À la tête de l’Association française des trésoriers d’entreprise (AFTE) depuis avril 2018, Florence Saliba revient, six mois après sa prise de fonction, sur ses missions mais aussi sur les challenges que doivent relever les trésoriers dans un monde toujours plus complexe.

Décideurs. Quelles sont vos missions en tant que présidente de l’AFTE ?

Florence Saliba. L’association est d’abord un lieu d’échanges permettant aux trésoriers adhérents d’être en phase avec un monde qui bouge. Notre objectif est de faciliter la transformation du métier avec des forums comme « Les Journées de l’AFTE » et de créer du lien au plus près des adhérents avec nos neuf délégations régionales. Nos métiers sont techniques : l’AFTE diffuse donc ses expertises avec AFTE Formation comme avec ses cahiers techniques et webinars. Tous les contenus sont produits par nos membres, des trésoriers en responsabilité. Enfin, l’association défend et promeut les intérêts de la profession auprès des instances de représentation, de régulation et de contrôle nationales et européennes.

Le métier de trésorier a-t-il beaucoup évolué au cours des dernières années ?

La réglementation a eu un impact important sur l’évolution de notre métier. Il y a dix ans, la conformité existait, pas la compliance au sens actuel. Les normes comptables sont également devenues beaucoup plus strictes. Nous sommes aujourd’hui dans un environnement extrêmement réglementé et dans un monde fait de « bruit ». Il y a tellement de sources d’informations que le rôle d’associations comme la nôtre devient aussi celui du tri et de l’information de nos adhérents des changements qui vont avoir un réel impact sur leur quotidien. Nous jouons le rôle de tiers de confiance en nous appuyant sur les compétences de nos membres, qui sont, en fonction des industries dans lesquelles ils évoluent ou de la taille de leurs entreprises, très en pointe sur les nouvelles réglementations.

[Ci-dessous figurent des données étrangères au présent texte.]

Lemma marg_swap_copy (A B : ob M) :
  (marg2 A B ⊗ marg1 A B) ∘ copy (tens A B) = swap A B.
Proof.
  rewrite copy_tensE. unfold marg1, marg2.
  rewrite <- comp_tensm. assoc_r.
  rw_comp_rev (interchange_nat (del A) (idm A) (idm B) (del B)).
  rw_comp (interchange_unit A B).
  rewrite !comp_tensm, counit_l, counit_r, tens_id, comp_idr. reflexivity.
Qed.

Lemma assoc_marg1 (X Y F : ob M) :
  (idm X ⊗ marg1 Y F) ∘ assoc X Y F = marg1 (tens X Y) F.
Proof.
  unfold marg1. rewrite tensm_id_comp_r. assoc_r.
  rw_comp_rev (assoc_nat (idm X) (idm Y) (del F)).
  rw_comp (runit_assoc X Y). rewrite tens_id. reflexivity.
Qed.

Lemma deterministic_id (X : ob M) : deterministic (idm X).
Proof. unfold deterministic. rewrite comp_idr, tens_id, comp_idl. reflexivity. Qed.

Lemma copy_coassoc_tensm (X F : ob M) (k : hom X F) :
  assoc_inv X X F ∘ (idm X ⊗ ((idm X ⊗ k) ∘ copy X)) ∘ copy X = (copy X ⊗ k) ∘ copy X.
Proof.
  rewrite tensm_id_comp_r. assoc_r.
  rw_comp_rev (coassoc X).
  rw_comp (assoc_inv_nat (idm X) (idm X) k).
  rw_comp (assoc_iso1 X X X).
  rewrite comp_idl, tens_id. rw_comp (comp_tensm (copy X) (idm (tens X X)) (idm X) k).
  rewrite comp_idl, comp_idr. reflexivity.
Qed.

Section Positive.
Hypothesis positive_M : positive M.

Lemma det_marg1_split {A X E : ob M} (pi : hom A (tens X E)) :
  deterministic (marg1 X E ∘ pi) -> pi = ((marg1 X E ∘ pi) ⊗ (marg2 X E ∘ pi)) ∘ copy A.
Proof.
  intros Hdet.
  assert (Hswap : swap X E ∘ pi = ((marg2 X E ∘ pi) ⊗ (marg1 X E ∘ pi)) ∘ copy A).
  { rewrite <- (marg_swap_copy X E), (tensm_factor_r (marg2 X E) (marg1 X E)). assoc_r.
    rewrite (positive_M _ _ _ pi (marg1 X E) Hdet).
    rw_comp (comp_tensm pi (marg2 X E) (marg1 X E ∘ pi) (idm X)).
    rewrite comp_idl. reflexivity. }
  transitivity (swap E X ∘ swap X E ∘ pi).
  { rewrite comp_assoc, swap_invol, comp_idl. reflexivity. }
  rewrite Hswap. apply swap_tensm_copy.
Qed.

Lemma dilation_id_eq {X E : ob M} (pi : hom X (tens X E)) :
  dilation (idm X) pi -> pi = (idm X ⊗ (marg2 X E ∘ pi)) ∘ copy X.
Proof.
  intros Hpi. apply dilationE in Hpi.
  pose proof (det_marg1_split pi) as Hsplit. rewrite Hpi in Hsplit.
  exact (Hsplit (deterministic_id X)).
Qed.

Lemma dilation_copy_eq {X F : ob M} (rho : hom X (tens (tens X X) F)) :
  dilation (copy X) rho -> exists k : hom X F, rho = (copy X ⊗ k) ∘ copy X.
Proof.
  intros Hrho. apply dilationE in Hrho.
  (* [tau] is a dilation of id_X whose second component is again one. *)
  set (tau := assoc X X F ∘ rho).
  assert (Htau : (idm X ⊗ marg1 X F) ∘ tau = copy X).
  { unfold tau. rw_comp (assoc_marg1 X X F). exact Hrho. }
  assert (Etau : tau = (idm X ⊗ (marg2 X (tens X F) ∘ tau)) ∘ copy X).
  { apply dilation_id_eq, dilationE.
    rewrite <- (comp_idl (marg1 X (tens X F))), <- (marg1_tensm (idm X) (marg1 X F)).
    assoc_r. rewrite Htau. apply marg1_copy. }
  set (h := marg2 X (tens X F) ∘ tau) in Etau.
  assert (Eh : h = (idm X ⊗ (marg2 X F ∘ h)) ∘ copy X).
  { apply dilation_id_eq, dilationE. unfold h.
    rw_comp_rev (marg2_tensm (idm X) (marg1 X F)). rewrite Htau. apply marg2_copy. }
  set (k := marg2 X F ∘ h) in Eh.
  exists k.
  transitivity (assoc_inv X X F ∘ tau).
  { unfold tau. rewrite comp_assoc, assoc_iso1, comp_idl. reflexivity. }
  rewrite Etau, Eh. assoc_r. apply copy_coassoc_tensm.
Qed.

Lemma positive_copy_initial (X : ob M) : initial_dilation (idm X) (copy X).
Proof.
  split; [apply dilationE, marg1_copy |].
  intros E' pi' Hpi'. split.
  - exists (marg2 X E' ∘ pi'). symmetry. apply dilation_id_eq, Hpi'.
  - intros f1 f2 H1 H2 F rho Hrho.
    destruct (dilation_copy_eq rho Hrho) as [k ->].
    rewrite !comp_assoc, !comp_tensm, !comp_idl, H1, H2. reflexivity.
Qed.

Lemma positive_det_non_creative {A X : ob M} (p : hom A X) :
  deterministic p -> non_creative p.
Proof.
  intros Hdet E pi Hpi. apply dilationE in Hpi.
  pose proof (det_marg1_split pi) as Hsplit. rewrite Hpi in Hsplit.
  exists ((idm A ⊗ (marg2 X E ∘ pi)) ∘ copy A). split.
  - apply dilationE, marg1_tensm_copy.
  - rewrite comp_assoc, comp_tensm, comp_idl, comp_idr. exact (Hsplit Hdet).
Qed.

Lemma positive_non_creative_det {A X : ob M} (p : hom A X) :
  non_creative p -> deterministic p.
Proof.
  intros Hnc.
  destruct (Hnc X (copy X ∘ p)) as [iota [Hiota Hcopy]].
  { apply dilationE. rw_comp (marg1_copy X). apply comp_idl. }
  rewrite (dilation_id_eq iota Hiota) in Hcopy.
  set (h := marg2 A X ∘ iota) in Hcopy.
  rewrite comp_assoc, comp_tensm, comp_idl, comp_idr in Hcopy.
  assert (Hh : h = p).
  { transitivity (marg2 X X ∘ (p ⊗ h) ∘ copy A); [symmetry; apply marg2_tensm_copy |].
    rewrite <- Hcopy. rw_comp (marg2_copy X). apply comp_idl. }
  unfold deterministic. rewrite Hcopy, Hh. reflexivity.
Qed.

End Positive.

Lemma positive_of_copy_initial_non_creative
    (Hinit : forall X : ob M, initial_dilation (idm X) (copy X))
    (Hdet : forall (A X : ob M) (p : hom A X), deterministic p -> non_creative p) :
  positive M.
Proof.
  intros X Y Z f g Hgf.
  destruct (Hdet _ _ _ Hgf Y ((g ⊗ idm Y) ∘ copy Y ∘ f)) as [iota [Hiota Hpi]].
  { apply dilationE. rw_comp (marg1_tensm_copy g (idm Y)). reflexivity. }
  destruct (proj2 (Hinit X) Y iota Hiota) as [[h <-] _].
  rewrite (comp_eq_prefix2 (comp_tensm (idm X) (g ∘ f) h (idm Y))), comp_idr, comp_idl
    in Hpi.
  assert (Hh : h = f).
  { transitivity (marg2 Z Y ∘ ((g ∘ f) ⊗ h) ∘ copy X); [symmetry; apply marg2_tensm_copy |].
    rewrite <- Hpi. rw_comp (marg2_tensm_copy g (idm Y)). apply comp_idl. }
  rewrite Hh in Hpi.
  rewrite <- (swap_tensm_copy (g ∘ f) f), <- Hpi.
  rw_comp (swap_tensm_copy g (idm Y)). reflexivity.
Qed.

End MarkovCategoryFacts.

Theorem corollary4p16 (C : MarkovCategory) :
  positive C <->
  ((forall X : ob C, initial_dilation (idm X) (copy X)) /\
   (forall (A X : ob C) (p : hom A X), deterministic p <-> non_creative p)).
Proof.
  split.
  - intros Hpos. split.
    + exact (positive_copy_initial C Hpos).
    + intros A X p. split.
      * exact (positive_det_non_creative C Hpos p).
      * exact (positive_non_creative_det C Hpos p).
  - intros [Hinit Hdet]. apply (positive_of_copy_initial_non_creative C Hinit).
    intros A X p. apply Hdet.
Qed.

" Nous évoluons aujourd'hui dans un environnement extrêmement réglementé et dans un monde fait de bruits"

À l’image des contrôleurs de gestion, des experts-comptables ou des fiscalistes, les trésoriers sont-ils touchés par la digitalisation ?

Oui. Historiquement, le trésorier a toujours été très proche des systèmes d’information. Pour nous, la digitalisation est plus une étape qu’une invasion. L’AFTE a créé une commission très originale, dédiée aux fintechs, en janvier 2017. Celle-ci les fait pitcher devant un panel de trésoriers adhérents susceptibles d’être intéressés par leur technologie. Si ce panel est convaincu, la commission met en place un suivi de la fintech, à l’image d’un programme de mentoring. Nous cherchons par ailleurs à développer des solutions pour faciliter les process auxquels nous ne pouvons pas déroger mais qui sont très lourds à traiter. C’est le cas, par exemple, du KYC (know your customer), le processus permettant de vérifier l’identité des clients des banques. L’AFTE travaille à une solution avec Capgemini pour pouvoir répondre avec facilité et fiabilité aux exigences de nos partenaires bancaires dont les systèmes de KYC sont complexes. Il est certain que le niveau de sécurité dont nous avons besoin pour ce type de système est très élevé.

Les trésoriers d’entreprise sont-ils menacés par le risque de fraude ?

Véritable danger pour la trésorerie des entreprises, la fraude est un enjeu à la fois technique et de comportement humain. Ce ne sont pas quelques fraudes par jour qui sont empêchées par les grandes banques, mais plusieurs par minute. La technologie doit permettre la mise en place de garde-fous, afin par exemple, d’alerter nos services de la réalisation d’un virement sur un nouveau compte. Ici la paranoïa est vertueuse : nos collaborateurs doivent comprendre, qu’en général, s’ils trouvent une demande ou un process étrange, c’est le signe d’une fraude potentielle.

Le Brexit est un sujet regardé de près par les trésoriers. Quelles sont vos craintes aujourd’hui ?

Notre principale crainte à long terme concerne la compensation, aujourd’hui presque exclusivement réalisée à Londres. Nous avons répété au régulateur que cela représentait un danger important pour nos activités mais pour le moment, aucune action n’a été entreprise. À court terme, c’est la relocalisation des banques en territoire européen et l’abandon du droit anglais dans nos contrats qui nous préoccupent.